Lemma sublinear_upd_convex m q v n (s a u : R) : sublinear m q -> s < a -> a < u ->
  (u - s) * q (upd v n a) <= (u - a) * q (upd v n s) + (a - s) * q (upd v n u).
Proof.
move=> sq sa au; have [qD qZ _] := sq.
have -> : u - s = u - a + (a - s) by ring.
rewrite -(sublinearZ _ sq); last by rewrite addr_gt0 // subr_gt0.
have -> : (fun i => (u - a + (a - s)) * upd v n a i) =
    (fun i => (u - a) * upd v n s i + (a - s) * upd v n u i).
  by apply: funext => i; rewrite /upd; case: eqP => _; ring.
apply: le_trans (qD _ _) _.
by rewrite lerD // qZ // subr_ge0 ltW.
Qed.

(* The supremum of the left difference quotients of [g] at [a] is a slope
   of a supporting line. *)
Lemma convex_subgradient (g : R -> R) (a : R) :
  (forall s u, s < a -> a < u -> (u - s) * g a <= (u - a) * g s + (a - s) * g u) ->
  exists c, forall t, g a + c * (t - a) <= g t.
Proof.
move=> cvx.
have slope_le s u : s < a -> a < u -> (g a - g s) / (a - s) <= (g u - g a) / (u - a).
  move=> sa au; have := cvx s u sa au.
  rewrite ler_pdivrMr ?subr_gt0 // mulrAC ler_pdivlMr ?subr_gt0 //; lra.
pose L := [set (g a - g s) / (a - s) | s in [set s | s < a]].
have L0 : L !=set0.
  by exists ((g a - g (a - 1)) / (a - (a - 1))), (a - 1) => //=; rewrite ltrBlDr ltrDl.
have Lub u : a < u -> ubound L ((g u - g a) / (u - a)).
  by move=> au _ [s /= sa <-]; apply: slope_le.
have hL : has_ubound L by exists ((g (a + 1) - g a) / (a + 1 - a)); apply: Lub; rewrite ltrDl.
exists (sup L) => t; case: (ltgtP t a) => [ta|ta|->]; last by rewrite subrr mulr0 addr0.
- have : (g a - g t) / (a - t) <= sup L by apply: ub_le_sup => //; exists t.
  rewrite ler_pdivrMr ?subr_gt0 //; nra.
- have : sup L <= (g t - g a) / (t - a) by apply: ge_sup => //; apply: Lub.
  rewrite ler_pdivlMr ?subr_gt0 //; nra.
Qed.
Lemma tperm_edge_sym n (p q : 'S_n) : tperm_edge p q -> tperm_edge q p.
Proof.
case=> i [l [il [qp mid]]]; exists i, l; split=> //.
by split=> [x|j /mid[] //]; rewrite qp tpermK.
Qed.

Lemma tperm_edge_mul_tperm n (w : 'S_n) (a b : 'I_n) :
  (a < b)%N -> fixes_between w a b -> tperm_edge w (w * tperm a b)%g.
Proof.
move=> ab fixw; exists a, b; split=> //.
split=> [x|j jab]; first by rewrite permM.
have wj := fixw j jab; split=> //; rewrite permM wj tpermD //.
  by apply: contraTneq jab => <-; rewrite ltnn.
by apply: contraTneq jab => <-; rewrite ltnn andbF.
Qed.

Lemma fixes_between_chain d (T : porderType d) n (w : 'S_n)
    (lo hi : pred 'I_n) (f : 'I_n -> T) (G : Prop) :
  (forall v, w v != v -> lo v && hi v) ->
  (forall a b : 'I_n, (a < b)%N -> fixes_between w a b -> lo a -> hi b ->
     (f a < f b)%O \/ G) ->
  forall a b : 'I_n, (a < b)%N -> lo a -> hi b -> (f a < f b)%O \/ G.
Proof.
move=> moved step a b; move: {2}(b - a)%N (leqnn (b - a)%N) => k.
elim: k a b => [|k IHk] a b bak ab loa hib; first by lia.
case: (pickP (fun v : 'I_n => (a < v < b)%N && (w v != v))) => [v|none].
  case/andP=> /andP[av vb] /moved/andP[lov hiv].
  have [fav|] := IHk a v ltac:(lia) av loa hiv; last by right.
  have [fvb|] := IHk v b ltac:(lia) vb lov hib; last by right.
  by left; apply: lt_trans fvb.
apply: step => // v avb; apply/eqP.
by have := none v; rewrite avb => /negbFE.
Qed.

◆ ◆ ◆ ◆ ◆

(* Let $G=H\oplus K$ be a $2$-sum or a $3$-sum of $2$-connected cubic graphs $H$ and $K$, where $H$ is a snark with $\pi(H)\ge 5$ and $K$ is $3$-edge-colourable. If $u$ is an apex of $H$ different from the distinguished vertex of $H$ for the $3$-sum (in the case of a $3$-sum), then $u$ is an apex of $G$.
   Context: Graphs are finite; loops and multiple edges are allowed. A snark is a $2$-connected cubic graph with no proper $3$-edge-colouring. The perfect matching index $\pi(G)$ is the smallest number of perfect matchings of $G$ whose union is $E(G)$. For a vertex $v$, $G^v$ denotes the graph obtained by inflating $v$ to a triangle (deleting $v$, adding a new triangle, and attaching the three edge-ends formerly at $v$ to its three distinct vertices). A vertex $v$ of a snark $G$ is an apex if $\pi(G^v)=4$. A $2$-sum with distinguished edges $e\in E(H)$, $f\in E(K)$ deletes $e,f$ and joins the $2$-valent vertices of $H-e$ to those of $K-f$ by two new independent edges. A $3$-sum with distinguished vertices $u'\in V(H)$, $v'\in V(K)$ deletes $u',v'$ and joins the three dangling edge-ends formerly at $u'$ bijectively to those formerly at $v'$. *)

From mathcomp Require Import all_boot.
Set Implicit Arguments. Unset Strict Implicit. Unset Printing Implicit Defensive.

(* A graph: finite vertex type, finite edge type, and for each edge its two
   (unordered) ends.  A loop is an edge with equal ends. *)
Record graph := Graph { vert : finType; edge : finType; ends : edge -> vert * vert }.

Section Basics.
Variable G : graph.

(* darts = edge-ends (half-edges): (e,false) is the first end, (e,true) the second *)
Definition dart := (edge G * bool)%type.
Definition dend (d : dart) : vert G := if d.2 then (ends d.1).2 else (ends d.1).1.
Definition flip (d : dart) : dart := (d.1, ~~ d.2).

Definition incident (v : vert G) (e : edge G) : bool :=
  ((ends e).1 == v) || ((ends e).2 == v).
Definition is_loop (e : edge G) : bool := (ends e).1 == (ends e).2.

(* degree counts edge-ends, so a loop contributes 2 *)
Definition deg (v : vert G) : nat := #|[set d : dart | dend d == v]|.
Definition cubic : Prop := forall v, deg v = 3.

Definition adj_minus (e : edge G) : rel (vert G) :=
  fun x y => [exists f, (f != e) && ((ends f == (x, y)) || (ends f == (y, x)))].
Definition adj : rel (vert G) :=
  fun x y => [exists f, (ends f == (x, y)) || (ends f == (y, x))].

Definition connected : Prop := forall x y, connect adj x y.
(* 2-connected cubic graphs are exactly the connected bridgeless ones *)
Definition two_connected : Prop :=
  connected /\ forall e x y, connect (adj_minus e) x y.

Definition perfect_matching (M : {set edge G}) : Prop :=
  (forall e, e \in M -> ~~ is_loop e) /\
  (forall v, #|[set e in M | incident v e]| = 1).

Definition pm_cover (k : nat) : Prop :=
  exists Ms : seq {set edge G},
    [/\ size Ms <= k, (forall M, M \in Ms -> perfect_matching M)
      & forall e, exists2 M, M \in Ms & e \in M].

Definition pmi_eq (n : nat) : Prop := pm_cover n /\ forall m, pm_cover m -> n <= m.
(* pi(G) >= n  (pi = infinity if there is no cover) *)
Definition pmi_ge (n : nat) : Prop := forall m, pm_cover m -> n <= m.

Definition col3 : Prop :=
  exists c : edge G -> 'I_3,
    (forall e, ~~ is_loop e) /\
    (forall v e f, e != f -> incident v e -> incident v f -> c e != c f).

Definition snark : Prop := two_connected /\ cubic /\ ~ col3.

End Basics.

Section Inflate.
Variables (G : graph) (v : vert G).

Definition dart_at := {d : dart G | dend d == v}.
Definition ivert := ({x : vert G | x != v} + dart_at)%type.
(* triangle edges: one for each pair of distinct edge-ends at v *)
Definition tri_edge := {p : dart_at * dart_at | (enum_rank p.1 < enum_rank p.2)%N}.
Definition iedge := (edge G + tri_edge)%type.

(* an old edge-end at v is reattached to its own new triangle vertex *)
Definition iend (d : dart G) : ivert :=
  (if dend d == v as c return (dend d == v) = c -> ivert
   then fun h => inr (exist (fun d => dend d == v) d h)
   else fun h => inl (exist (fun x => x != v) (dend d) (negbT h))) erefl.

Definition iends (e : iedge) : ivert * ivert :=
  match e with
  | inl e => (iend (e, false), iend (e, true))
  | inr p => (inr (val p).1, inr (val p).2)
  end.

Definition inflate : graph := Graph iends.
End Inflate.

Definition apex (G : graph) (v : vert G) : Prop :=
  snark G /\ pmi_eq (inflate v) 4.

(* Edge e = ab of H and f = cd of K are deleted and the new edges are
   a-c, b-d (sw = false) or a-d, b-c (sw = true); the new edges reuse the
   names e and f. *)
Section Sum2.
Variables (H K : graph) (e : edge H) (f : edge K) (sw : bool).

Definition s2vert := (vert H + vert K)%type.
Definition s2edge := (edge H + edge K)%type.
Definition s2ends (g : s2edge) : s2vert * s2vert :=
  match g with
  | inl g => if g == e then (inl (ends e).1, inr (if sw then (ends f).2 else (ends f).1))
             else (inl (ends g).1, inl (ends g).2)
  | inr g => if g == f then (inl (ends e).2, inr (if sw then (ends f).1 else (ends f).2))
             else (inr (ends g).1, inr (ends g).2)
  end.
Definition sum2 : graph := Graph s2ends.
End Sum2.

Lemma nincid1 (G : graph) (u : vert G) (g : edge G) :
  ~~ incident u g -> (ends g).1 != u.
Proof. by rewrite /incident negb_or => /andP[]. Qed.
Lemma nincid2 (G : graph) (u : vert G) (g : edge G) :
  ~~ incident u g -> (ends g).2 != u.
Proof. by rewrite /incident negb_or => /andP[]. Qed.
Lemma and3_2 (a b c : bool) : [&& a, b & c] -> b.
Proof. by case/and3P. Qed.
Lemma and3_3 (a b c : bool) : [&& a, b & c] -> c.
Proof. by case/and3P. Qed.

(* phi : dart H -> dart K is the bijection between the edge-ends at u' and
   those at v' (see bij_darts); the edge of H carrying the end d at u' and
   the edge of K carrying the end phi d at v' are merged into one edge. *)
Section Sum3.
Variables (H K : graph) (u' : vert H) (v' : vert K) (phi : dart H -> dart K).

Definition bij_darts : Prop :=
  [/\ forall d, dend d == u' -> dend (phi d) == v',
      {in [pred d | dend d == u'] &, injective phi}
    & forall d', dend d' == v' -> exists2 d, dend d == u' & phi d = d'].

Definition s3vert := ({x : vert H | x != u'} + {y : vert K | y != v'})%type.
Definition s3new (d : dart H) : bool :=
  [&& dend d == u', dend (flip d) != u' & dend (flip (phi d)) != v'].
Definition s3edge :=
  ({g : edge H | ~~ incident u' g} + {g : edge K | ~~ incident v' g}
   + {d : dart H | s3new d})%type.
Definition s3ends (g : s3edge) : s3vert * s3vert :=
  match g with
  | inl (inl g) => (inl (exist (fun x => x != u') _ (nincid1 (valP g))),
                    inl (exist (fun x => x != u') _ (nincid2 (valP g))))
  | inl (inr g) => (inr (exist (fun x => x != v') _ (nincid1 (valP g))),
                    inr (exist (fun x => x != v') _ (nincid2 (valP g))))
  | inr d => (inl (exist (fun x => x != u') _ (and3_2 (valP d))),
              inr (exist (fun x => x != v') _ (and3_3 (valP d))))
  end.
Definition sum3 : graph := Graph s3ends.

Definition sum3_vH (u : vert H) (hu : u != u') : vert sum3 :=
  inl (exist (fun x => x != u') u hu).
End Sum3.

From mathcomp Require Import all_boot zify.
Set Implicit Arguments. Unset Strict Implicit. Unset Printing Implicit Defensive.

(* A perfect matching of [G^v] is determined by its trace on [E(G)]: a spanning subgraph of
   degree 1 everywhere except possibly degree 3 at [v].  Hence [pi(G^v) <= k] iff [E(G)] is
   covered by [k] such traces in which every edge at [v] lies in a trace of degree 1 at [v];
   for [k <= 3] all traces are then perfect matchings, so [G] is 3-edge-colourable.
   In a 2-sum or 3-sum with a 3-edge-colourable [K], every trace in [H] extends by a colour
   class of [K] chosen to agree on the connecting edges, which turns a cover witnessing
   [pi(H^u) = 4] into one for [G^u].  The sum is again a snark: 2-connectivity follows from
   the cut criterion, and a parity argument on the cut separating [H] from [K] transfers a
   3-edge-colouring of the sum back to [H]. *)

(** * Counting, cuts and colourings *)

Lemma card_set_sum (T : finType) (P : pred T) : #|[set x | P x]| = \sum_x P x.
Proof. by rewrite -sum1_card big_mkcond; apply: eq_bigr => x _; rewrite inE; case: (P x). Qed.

◆ ◆ ◆ ◆ ◆

Problem requirements -
Of the lines above, extract only those from the line with "Lemma sublinear_upd_convex m" to the line with "have slope_le s", both included, exactly as written.

Exercise result -
Lemma sublinear_upd_convex m q v n (s a u : R) : sublinear m q -> s < a -> a < u ->
  (u - s) * q (upd v n a) <= (u - a) * q (upd v n s) + (a - s) * q (upd v n u).
Proof.
move=> sq sa au; have [qD qZ _] := sq.
have -> : u - s = u - a + (a - s) by ring.
rewrite -(sublinearZ _ sq); last by rewrite addr_gt0 // subr_gt0.
have -> : (fun i => (u - a + (a - s)) * upd v n a i) =
    (fun i => (u - a) * upd v n s i + (a - s) * upd v n u i).
  by apply: funext => i; rewrite /upd; case: eqP => _; ring.
apply: le_trans (qD _ _) _.
by rewrite lerD // qZ // subr_ge0 ltW.
Qed.

(* The supremum of the left difference quotients of [g] at [a] is a slope
   of a supporting line. *)
Lemma convex_subgradient (g : R -> R) (a : R) :
  (forall s u, s < a -> a < u -> (u - s) * g a <= (u - a) * g s + (a - s) * g u) ->
  exists c, forall t, g a + c * (t - a) <= g t.
Proof.
move=> cvx.
have slope_le s u : s < a -> a < u -> (g a - g s) / (a - s) <= (g u - g a) / (u - a).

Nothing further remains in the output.